▶ WORK REQUEST:
Extract from the entries below, exactly as given, only the lines from the line containing "GRing.isZmodMorphism.Build R (Fp_of" to the line containing "Lemma quot_tE x", both lines included.

(Stored items)
'''

Lemma cnum_convolution n m k : (3 <= n)%N -> (0 < m <= n)%N ->
  \sum_(l < k.+1) (cnum n (k.+1 - l) m)%:Z * (recip n (Kexpl n))`_l
    = (recip n.-1 (Msol n m.-1))`_k.
Proof.
move=> hn /andP[m0 mn]; have n0 : (0 < n)%N by lia.
pose c (j i : 'I_n) : int := (kadm n j.+1 i.+1)%:R.
have row (j : 'I_n) : 'X * Msol n j - \sum_i (c j i)%:P * Msol n i = Kexpl n.
  rewrite -(Msol_row hn (ltn_ord j)); congr (_ - _).
  by apply: eq_bigr => i _; rewrite /c kadmE.
have small (j : 'I_n) p : (n <= p)%N -> (Msol n j)`_p = 0 by apply: coef_Msol.
have f0 (j : 'I_n) : (cnum n 1 j.+1)%:Z = 1 by rewrite cnum1.
have fS l (j : 'I_n) :
    (cnum n l.+2 j.+1)%:Z = \sum_i c j i * (cnum n l.+1 i.+1)%:Z.
  rewrite cnum_rec (big_morph Posz PoszD (erefl _)).
  by apply: eq_bigr => i _; rewrite PoszM /c natz.
have m1n : (m.-1 < n)%N by lia.
have := transfer_convolution f0 fS (recip_row0 n0 small row) (recip_rowS n0 row)
  k (Ordinal m1n).
rewrite /= prednK // => <-; apply: eq_bigr => l _.
by rewrite (subSn (ltn_ord l : (l <= k)%N)).
Qed.

Lemma recip_Msol_shift n m k : (2 <= m <= n.-1)%N ->
  (recip n.-1 (Msol n m.-1))`_k = (recip m.-1 (Arec (m - 2)))`_k.+1.
Proof.
move=> hm; have -> : Msol n m.-1 = 'X^(n - m.-1)%N * Arec (m - 2).
  rewrite /Msol ltn_eqF; last lia.
  by rewrite (_ : m.-1 = (m - 2).+1)%N; last lia.
rewrite !coef_recip coefXnM.
case: (leqP k.+1 m.-1) => km.
- have [-> ->] : (k <= n.-1)%N /\ (n.-1 - k < n - m.-1)%N = false by split; lia.
  by congr (_`_ _); lia.
- by case: ifP => // _; rewrite (_ : n.-1 - k < n - m.-1)%N //; lia.
Qed.
(* Let $R$ be a commutative ring which is free as an abelian group with $\mathbb{Z}$-basis $V$, let $p$ be a prime, $n\ge2$ and $r\ge1$. Then there is a group epimorphism $\varphi_r:\Gamma(SL_n(R),p^r)\to\mathfrak{sl}_n(\mathbb{F}_p[V])$ (target regarded as an additive group) whose kernel is $\Gamma(SL_n(R),p^{r+1})$. Consequently $\Gamma(SL_n(R),p^r)/\Gamma(SL_n(R),p^{r+1})\cong\mathfrak{sl}_n(\mathbb{F}_p[V])$ as groups.
   Context: $\Gamma(SL_n(R),p^m)=\ker\big(SL_n(R)\to SL_n(R\otimes_{\mathbb{Z}}\mathbb{Z}/p^m)\big)$. $\mathbb{F}_p[V]=R\otimes_{\mathbb{Z}}\mathbb{Z}/p=R/pR$, and $\mathfrak{sl}_n(\mathbb{F}_p[V])$ is the set of traceless $n\times n$ matrices over $R/pR$. *)

From HB Require Import structures.
From mathcomp Require Import all_boot all_order all_algebra.
From mathcomp Require Import generic_quotient ring_quotient.
From mathcomp Require Import boolp.
Set Implicit Arguments. Unset Strict Implicit. Unset Printing Implicit Defensive.
Import GRing.Theory.
Local Open Scope ring_scope.
Local Open Scope quotient_scope.

Definition Zbasis (R : pzRingType) (V : eqType) (b : V -> R) : Prop :=
  (forall x : R, exists (s : seq V) (c : V -> int),
      x = \sum_(v <- s) b v *~ c v) /\
  (forall (s : seq V) (c : V -> int), uniq s ->
      \sum_(v <- s) b v *~ c v = 0 -> forall v, v \in s -> c v = 0).

Definition pmult (R : comPzRingType) (p : nat) : {pred R} :=
  fun x => `[< exists c : R, x = p%:R * c >].

Lemma pmult_zmod_closed (R : comPzRingType) (p : nat) :
  GRing.zmod_closed (@pmult R p).
Proof.
split.
  by apply/asboolP; exists 0; rewrite mulr0.
move=> x y /asboolP [c ->] /asboolP [d ->].
by apply/asboolP; exists (c - d); rewrite mulrBr.
Qed.

HB.instance Definition _ (R : comPzRingType) (p : nat) :=
  GRing.isZmodClosed.Build R (@pmult R p) (@pmult_zmod_closed R p).

Export Quotient.

(* F_p[V] = R / pR, as an additive group (quotient Z-module). *)
Definition Fp_of (R : comPzRingType) (p : nat) := @Quotient.quot R (@pmult R p).

Definition redp (R : comPzRingType) (p : nat) (x : R) : Fp_of R p :=
  \pi_(Fp_of R p) x.

Definition is_sl (R : comPzRingType) (p n : nat) (X : 'M[Fp_of R p]_n) : Prop :=
  \sum_(i < n) X i i = 0.

Definition Gamma (R : comPzRingType) (p n m : nat) (A : 'M[R]_n) : Prop :=
  \det A = 1 /\
  forall i j : 'I_n, exists c : R, (A - 1%:M) i j = (p ^ m)%:R * c.

From HB Require Import structures.
From mathcomp Require Import all_boot all_order all_algebra.
From mathcomp Require Import generic_quotient ring_quotient boolp.
From mathcomp Require Import fingroup perm ring.
Set Implicit Arguments. Unset Strict Implicit. Unset Printing Implicit Defensive.
Import GRing.Theory.
Local Open Scope ring_scope.
Local Open Scope quotient_scope.

(* Write t = p^r.  Of the Z-basis only the torsion-freeness of R is used: it
   makes t regular, so each A in Gamma(p^r) is uniquely 1 + tX, and phi(A) is
   X mod p.  Since (1 + tX)(1 + tY) = 1 + t(X + Y + tXY) and p divides t, phi
   is additive; since det(1 + tX) = 1 + t tr X mod t^2, det A = 1 forces t to
   divide tr X; and phi(A) = 0 iff p divides X iff A = 1 mod p^(r+1).  The
   image is a subgroup containing everything that vanishes mod p, the a E_ij
   (i <> j) coming from elementary matrices, and the a (E_ii - E_jj) coming
   from the conjugate of 1 + ta E_ij by 1 + E_ji; these span sl_n. *)

Section ZbasisTorsion.
Variables (R : pzRingType) (V : eqType) (b : V -> R).

Lemma Zcomb_uniq (s : seq V) (c : V -> int) :
  exists (s' : seq V) (c' : V -> int),
    uniq s' /\ \sum_(v <- s) b v *~ c v = \sum_(v <- s') b v *~ c' v.
Proof.
elim: s => [|v s [s' [c' [us' e]]]]; first by exists [::], c; rewrite !big_nil.
rewrite big_cons e; have [vs'|vs'] := boolP (v \in s').
  exists s', (fun w => if w == v then c' v + c v else c' w); split => //.
  rewrite (bigD1_seq v) //= [RHS](bigD1_seq v) //= eqxx mulrzDr.
  rewrite addrA [b v *~ c v + _]addrC; congr (_ + _).
  by apply: eq_bigr => w /negbTE ->.
exists (v :: s'), (fun w => if w == v then c v else c' w); split; first by rewrite /= vs'.
rewrite big_cons eqxx; congr (_ + _); apply: eq_big_seq => w ws'.
by case: eqP => // wv; rewrite -wv ws' in vs'.
Qed.

Lemma Zbasis_natr_lreg (m : nat) : Zbasis b -> (0 < m)%N -> GRing.lreg (m%:R : R).
Proof.
move=> [b_span b_free] m_gt0; apply: mulrI0_lreg => x mx0.
have [s [c ex]] := b_span x; have [s' [c' [us' e]]] := Zcomb_uniq s c.
rewrite ex e in mx0 *.
have mc'0 : \sum_(v <- s') b v *~ (c' v * m%:Z) = 0.
  rewrite -[RHS]mx0 big_distrr /=; apply: eq_bigr => v _.
  by rewrite mulrzA -pmulrn mulr_natl.
rewrite big_seq big1 // => v vs'; have /eqP := b_free _ _ us' mc'0 v vs'.
by rewrite mulf_eq0 eqz_nat (gtn_eqF m_gt0) orbF => /eqP ->; rewrite mulr0z.
Qed.

End ZbasisTorsion.

Section MatrixExpansion.
Variable R : comPzRingType.

Definition rdvd (a x : R) := exists c, x = a * c.

Lemma rdvd0 a : rdvd a 0. Proof. by exists 0; rewrite mulr0. Qed.

Lemma rdvdD a x y : rdvd a x -> rdvd a y -> rdvd a (x + y).
Proof. by move=> [c ->] [d ->]; exists (c + d); rewrite mulrDr. Qed.

Lemma rdvdMl a x y : rdvd a x -> rdvd a (y * x).
Proof. by move=> [c ->]; exists (y * c); rewrite mulrCA. Qed.

(* Only the identity permutation contributes to [1 + t tr X]: every other one
   moves some [i], hence also [s i], and picks two off-diagonal entries. *)
Lemma det_add1_scale n (t : R) (X : 'M[R]_n) :
  rdvd (t ^+ 2) (\det (1%:M + t *: X) - (1 + t * \tr X)).
Proof.
rewrite /determinant (bigD1 (1%g : 'S_n)) //= odd_perm1 expr0 mul1r.
under [\prod_(i < n) _]eq_bigr do rewrite perm1.
have diag_part : rdvd (t ^+ 2) (\prod_i (1%:M + t *: X : 'M[R]_n) i i - (1 + t * \tr X)).
  apply: (big_rec2 (fun y z => rdvd (t ^+ 2) (y - (1 + t * z)))).
    by exists 0; rewrite mulr0 mulr0 addr0 subrr.
  move=> i y z _ [c yz]; exists (X i i * z + c + t * X i i * c).
  rewrite !mxE eqxx /= (_ : y = 1 + t * z + t ^+ 2 * c); first by ring.
  by rewrite -yz; ring.
have off_part : rdvd (t ^+ 2)
    (\sum_(s : 'S_n | s != 1%g) (-1) ^+ s * \prod_i (1%:M + t *: X : 'M[R]_n) i (s i)).
  apply: big_ind; [exact: rdvd0 | exact: rdvdD | move=> s s1; apply: rdvdMl].
  have [i si] : exists i, s i != i.
    apply/existsP; apply: contraR s1 => /existsPn s_id; apply/eqP/permP => i.
    by rewrite perm1; apply/eqP; move: (s_id i); rewrite negbK.
  have ssi : s (s i) != s i by apply: contra si => /eqP /perm_inj ->.
  rewrite (bigD1 i) //= (bigD1 (s i)) ?si //= !mxE.
  rewrite eq_sym (negbTE si) eq_sym (negbTE ssi) /= !add0r.
  move: (\prod_(_ < _ | _) _) => P.
  exists (X i (s i) * (X (s i) (s (s i)) * P)).
  by rewrite expr2 -!mulrA; congr (_ * _); rewrite mulrCA.
have [c dc] := rdvdD diag_part off_part; exists c; rewrite -dc; ring.
Qed.

Lemma mul_add1_scale n (t : R) (X Y : 'M[R]_n) :
  (1%:M + t *: X) *m (1%:M + t *: Y) = 1%:M + t *: (X + Y + t *: (X *m Y)).
Proof.
rewrite mulmxDl !mulmxDr !mul1mx !mulmx1 -!scalemxAl -!scalemxAr !scalerA !scalerDr.
by rewrite scalerA -!addrA; congr (_ + _); rewrite addrCA.
Qed.

Lemma det_add1_delta n (i j : 'I_n) (s : R) :
  i != j -> \det (1%:M + s *: delta_mx i j) = 1.
Proof.
wlog lt_ji : i j / (j < i)%N => [hwlog ij|ij].
  have [lt_ij|lt_ji|/val_inj eq_ij] := ltngtP i j; last by rewrite eq_ij eqxx in ij.
  - rewrite -det_tr linearD /= trmx1 linearZ /= trmx_delta hwlog //.
    by rewrite eq_sym.
  - exact: hwlog.
rewrite det_trig; last first.
  apply/is_trig_mxP => k l lt_kl; rewrite !mxE.
  have /negbTE -> : k != l by apply: contraTneq lt_kl => ->; rewrite ltnn.
  case: (k =P i) => [eki|]; last by rewrite mulr0 addr0.
  case: (l =P j) => [elj|]; last by rewrite mulr0 addr0.
  by move: lt_kl; rewrite eki elj ltnNge (ltnW lt_ji).
apply: big1 => k _; rewrite !mxE eqxx.
by case: (k =P i) => [->|]; rewrite ?(negbTE ij) mulr0 addr0.
Qed.

Lemma conj_add1_delta n (i j : 'I_n) (s : R) : i != j ->
  (1%:M - delta_mx j i) *m (1%:M + s *: delta_mx i j) *m (1%:M + delta_mx j i)
  = 1%:M + s *: (delta_mx i i + delta_mx i j - delta_mx j i - delta_mx j j).
Proof.
move=> ij; have ji : j != i by rewrite eq_sym.
rewrite !(mulmxDl, mulmxDr, mul1mx, mulmx1, mulNmx, mulmxN) -!scalemxAl -!scalemxAr.
rewrite !(mul_delta_mx, mul_delta_mx_0) // -scalemxAl mul_delta_mx oppr0 sub0r.
by apply/matrixP => k l; rewrite !mxE; ring.
Qed.

End MatrixExpansion.

Lemma redp_is_zmod_morphism (R : comPzRingType) (p : nat) : zmod_morphism (@redp R p).
Proof. exact: raddfB. Qed.

HB.instance Definition _ (R : comPzRingType) (p : nat) :=
  GRing.isZmodMorphism.Build R (Fp_of R p) (@redp R p) (@redp_is_zmod_morphism R p).

Lemma redp_eq0 (R : comPzRingType) (p : nat) (x : R) :
  redp p x = 0 <-> rdvd p%:R x.
Proof.
rewrite /redp -(raddf0 (\pi_(Fp_of R p))).
split => [/eqP | px]; first by rewrite -idealrBE subr0 => /asboolP.
by apply/eqP; rewrite -idealrBE subr0; apply/asboolP.
Qed.

Section CongruenceQuotient.
Variables (R : comPzRingType) (p r : nat).
Hypotheses (p_lreg : GRing.lreg (p%:R : R)) (r_gt0 : (0 < r)%N).

Local Notation t := ((p ^ r)%:R : R).
Local Notation red := (map_mx (@redp R p)).

Lemma t_lreg : GRing.lreg t.
Proof. by rewrite natrX; apply: lregX. Qed.

Lemma rdvd_p_t x : rdvd p%:R (t * x).
Proof. by exists ((p ^ r.-1)%:R * x); rewrite mulrA -natrM -expnS prednK. Qed.

Lemma red_scale_t n (X : 'M[R]_n) : red (t *: X) = 0.
Proof. by apply/matrixP => i j; rewrite !mxE; apply/redp_eq0/rdvd_p_t. Qed.

(* [quot_t x] is [x / t] when [t] divides [x], and [0] otherwise. *)
Definition quot_t (x : R) : R :=
  if pselect (exists c, x = t * c) is left h then projT1 (cid h) else 0.

Lemma quot_tE x c : x = t * c -> quot_t x = c.
Proof.
move=> xtc; rewrite /quot_t; case: pselect => [h|[]]; last by exists c.
by case: (cid h) => /= d xtd; apply: t_lreg; rewrite -xtd.
Qed.

Definition phi n (A : 'M[R]_n) : 'M[Fp_of R p]_n := red (map_mx quot_t (A - 1%:M)).

Lemma phi_add1 n (X : 'M[R]_n) : phi (1%:M + t *: X) = red X.
Proof.
congr red; apply/matrixP => i j.
by rewrite !mxE addrC addKr (@quot_tE _ (X i j)) // mxE.
Qed.

Lemma Gamma_add1 n (X : 'M[R]_n) :
  \det (1%:M + t *: X) = 1 -> Gamma p r (1%:M + t *: X).
Proof. by move=> detA; split => // i j; exists (X i j); rewrite addrC addKr mxE. Qed.

Lemma GammaP n (A : 'M[R]_n) :
  Gamma p r A -> exists2 X, A = 1%:M + t *: X & \det A = 1.
Proof.
move=> [detA A1]; exists (map_mx quot_t (A - 1%:M)) => //.
apply/matrixP => i j; have [c] := A1 i j; rewrite !mxE => e.
by rewrite (quot_tE e) -e addrC subrK.
Qed.

Lemma GammaM n (A B : 'M[R]_n) : Gamma p r A -> Gamma p r B -> Gamma p r (A *m B).
Proof.
move=> /GammaP [X -> detA] /GammaP [Y -> detB].
rewrite mul_add1_scale; apply: Gamma_add1.
by rewrite -mul_add1_scale det_mulmx detA detB mulr1.
Qed.

Lemma phiM n (A B : 'M[R]_n) :
  Gamma p r A -> Gamma p r B -> phi (A *m B) = phi A + phi B.
Proof.
move=> /GammaP [X -> _] /GammaP [Y -> _].
by rewrite mul_add1_scale !phi_add1 !map_mxD red_scale_t addr0.
Qed.

(* [det (1 + t X) = 1 + t tr X mod t^2] and [t] is regular, so [t] divides [tr X]. *)
Lemma phi_sl n (A : 'M[R]_n) : Gamma p r A -> is_sl (phi A).
Proof.
move=> /GammaP [X -> detA]; rewrite phi_add1 /is_sl.
have [c dc] := det_add1_scale t X; rewrite detA in dc.
have trX : \tr X = t * - c.
  by apply: t_lreg; rewrite mulrA -expr2 mulrN -dc; ring.
under eq_bigr do rewrite mxE.
by rewrite -raddf_sum -/(mxtrace X) trX; apply/redp_eq0/rdvd_p_t.
Qed.

Lemma phi_ker n (A : 'M[R]_n) : Gamma p r A -> (phi A = 0 <-> Gamma p r.+1 A).
Proof.
move=> /GammaP [X -> detA]; rewrite phi_add1; split => [/matrixP X0 | [_ A1]].
  split => // i j; have /redp_eq0 [c Xij] : redp p (X i j) = 0.
    by move: (X0 i j); rewrite !mxE.
  by exists c; rewrite addrC addKr mxE Xij expnSr natrM mulrA.
apply/matrixP => i j; rewrite !mxE; apply/redp_eq0.
have [c] := A1 i j; rewrite addrC addKr mxE expnSr natrM -mulrA => /t_lreg Xij.
by exists c.
Qed.

Definition in_phi_image n (Z : 'M[R]_n) := exists2 A, Gamma p r A & phi A = red Z.

Lemma in_phi_imageD n (Z1 Z2 : 'M[R]_n) :
  in_phi_image Z1 -> in_phi_image Z2 -> in_phi_image (Z1 + Z2).
Proof.
move=> [A gA eA] [B gB eB]; exists (A *m B); first exact: GammaM.
by rewrite phiM // eA eB map_mxD.
Qed.

Lemma in_phi_image_red0 n (Z : 'M[R]_n) : red Z = 0 -> in_phi_image Z.
Proof.
move=> Z0; exists (1%:M + t *: 0); last by rewrite phi_add1 Z0 map_mx0.
by apply: Gamma_add1; rewrite scaler0 addr0 det1.
Qed.

Lemma in_phi_image_sum n (I : finType) (F : I -> 'M[R]_n) :
  (forall i, in_phi_image (F i)) -> in_phi_image (\sum_i F i).
Proof.
move=> hF; apply: (big_ind (@in_phi_image n)) => //; last exact: in_phi_imageD.
by apply: in_phi_image_red0; rewrite map_mx0.
Qed.

Lemma in_phi_image_delta n (i j : 'I_n) (a : R) :
  i != j -> in_phi_image (a *: delta_mx i j).
Proof.
move=> ij; exists (1%:M + t *: (a *: delta_mx i j)); last exact: phi_add1.
by apply: Gamma_add1; rewrite scalerA det_add1_delta.
Qed.

Lemma in_phi_image_diag n (i j : 'I_n) (a : R) :
  i != j -> in_phi_image (a *: (delta_mx i i - delta_mx j j)).
Proof.
move=> ij; have ji : j != i by rewrite eq_sym.
have imD : in_phi_image
    (a *: (delta_mx i i + delta_mx i j - delta_mx j i - delta_mx j j)).
  eexists; last exact: phi_add1.
  apply: Gamma_add1; rewrite scalerA -conj_add1_delta // !det_mulmx det_add1_delta //.
  have := det_add1_delta (-1 : R) ji; have := det_add1_delta (1 : R) ji.
  by rewrite scaleN1r scale1r => -> ->; rewrite !mulr1.
rewrite (_ : a *: _ = a *: (delta_mx i i + delta_mx i j - delta_mx j i - delta_mx j j)
  + a *: delta_mx j i + (- a) *: delta_mx i j).
  apply: in_phi_imageD; last exact: in_phi_image_delta.
  by apply: in_phi_imageD => //; exact: in_phi_image_delta.
by apply/matrixP => k l; rewrite !mxE; ring.
Qed.

Lemma in_phi_image_traceless n (j0 : 'I_n) (Y : 'M[R]_n) :
  rdvd p%:R (\tr Y) -> in_phi_image Y.
Proof.
move=> [c trY].
pose G i j := if i == j then Y i i *: (delta_mx i i - delta_mx j0 j0)
              else Y i j *: delta_mx i j.
have sumG i : \sum_j G i j = \sum_j Y i j *: delta_mx i j - Y i i *: delta_mx j0 j0.
  rewrite (bigD1 i) //= [in RHS](bigD1 i) //= /G eqxx scalerBr addrAC.
  by congr (_ + _ - _); apply: eq_bigr => j; rewrite eq_sym => /negbTE ->.
have -> : Y = \sum_i \sum_j G i j + \tr Y *: delta_mx j0 j0.
  under eq_bigr do rewrite sumG.
  by rewrite sumrB -matrix_sum_delta /mxtrace scaler_suml subrK.
apply: in_phi_imageD.
  apply: in_phi_image_sum => i; apply: in_phi_image_sum => j; rewrite /G.
  have [_|ij] := eqVneq i j; last exact: in_phi_image_delta.
  have [->|ij0] := eqVneq i j0; last exact: in_phi_image_diag.
  by apply: in_phi_image_red0; rewrite subrr scaler0 map_mx0.
apply: in_phi_image_red0; apply/matrixP => k l; rewrite !mxE trY; apply/redp_eq0.
by exists (c * ((k == j0) && (l == j0))%:R); rewrite mulrA.
Qed.

Lemma phi_onto n (X : 'M[Fp_of R p]_n.+1) :
  is_sl X -> exists2 A, Gamma p r A & phi A = X.
Proof.
move=> slX; have redY : red (map_mx generic_quotient.repr X) = X.
  by apply/matrixP => i j; rewrite !mxE /redp reprK.
have [|A gA eA] := @in_phi_image_traceless _ ord0 (map_mx generic_quotient.repr X).
  apply/redp_eq0; rewrite /mxtrace raddf_sum -[RHS]slX.
  by apply: eq_bigr => i _; rewrite -[in RHS]redY !mxE.
by exists A; rewrite // eA redY.
Qed.

End CongruenceQuotient.

Theorem theorem3p2 (R : comPzRingType) (V : eqType) (b : V -> R)
    (hb : Zbasis b) (p n r : nat) (hp : prime p) (hn : (2 <= n)%N)
    (hr : (1 <= r)%N) :
  exists phi : 'M[R]_n -> 'M[Fp_of R p]_n,
    [/\ (forall A, Gamma p r A -> is_sl (phi A)),
        (forall A B, Gamma p r A -> Gamma p r B -> phi (A *m B) = phi A + phi B),
        (forall X, is_sl X -> exists2 A, Gamma p r A & phi A = X) &
        (forall A, Gamma p r A -> (phi A = 0 <-> Gamma p r.+1 A))].
Proof.
have p_lreg := Zbasis_natr_lreg hb (prime_gt0 hp).
case: n hn => // n _; exists (@phi R p r n.+1); split.
- exact: phi_sl.
- exact: phiM.
- exact: phi_onto.
- exact: phi_ker.
Qed.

'''

▶ EXERCISE RESULT:
  GRing.isZmodMorphism.Build R (Fp_of R p) (@redp R p) (@redp_is_zmod_morphism R p).

Lemma redp_eq0 (R : comPzRingType) (p : nat) (x : R) :
  redp p x = 0 <-> rdvd p%:R x.
Proof.
rewrite /redp -(raddf0 (\pi_(Fp_of R p))).
split => [/eqP | px]; first by rewrite -idealrBE subr0 => /asboolP.
by apply/eqP; rewrite -idealrBE subr0; apply/asboolP.
Qed.

Section CongruenceQuotient.
Variables (R : comPzRingType) (p r : nat).
Hypotheses (p_lreg : GRing.lreg (p%:R : R)) (r_gt0 : (0 < r)%N).

Local Notation t := ((p ^ r)%:R : R).
Local Notation red := (map_mx (@redp R p)).

Lemma t_lreg : GRing.lreg t.
Proof. by rewrite natrX; apply: lregX. Qed.

Lemma rdvd_p_t x : rdvd p%:R (t * x).
Proof. by exists ((p ^ r.-1)%:R * x); rewrite mulrA -natrM -expnS prednK. Qed.

Lemma red_scale_t n (X : 'M[R]_n) : red (t *: X) = 0.
Proof. by apply/matrixP => i j; rewrite !mxE; apply/redp_eq0/rdvd_p_t. Qed.

(* [quot_t x] is [x / t] when [t] divides [x], and [0] otherwise. *)
Definition quot_t (x : R) : R :=
  if pselect (exists c, x = t * c) is left h then projT1 (cid h) else 0.

Lemma quot_tE x c : x = t * c -> quot_t x = c.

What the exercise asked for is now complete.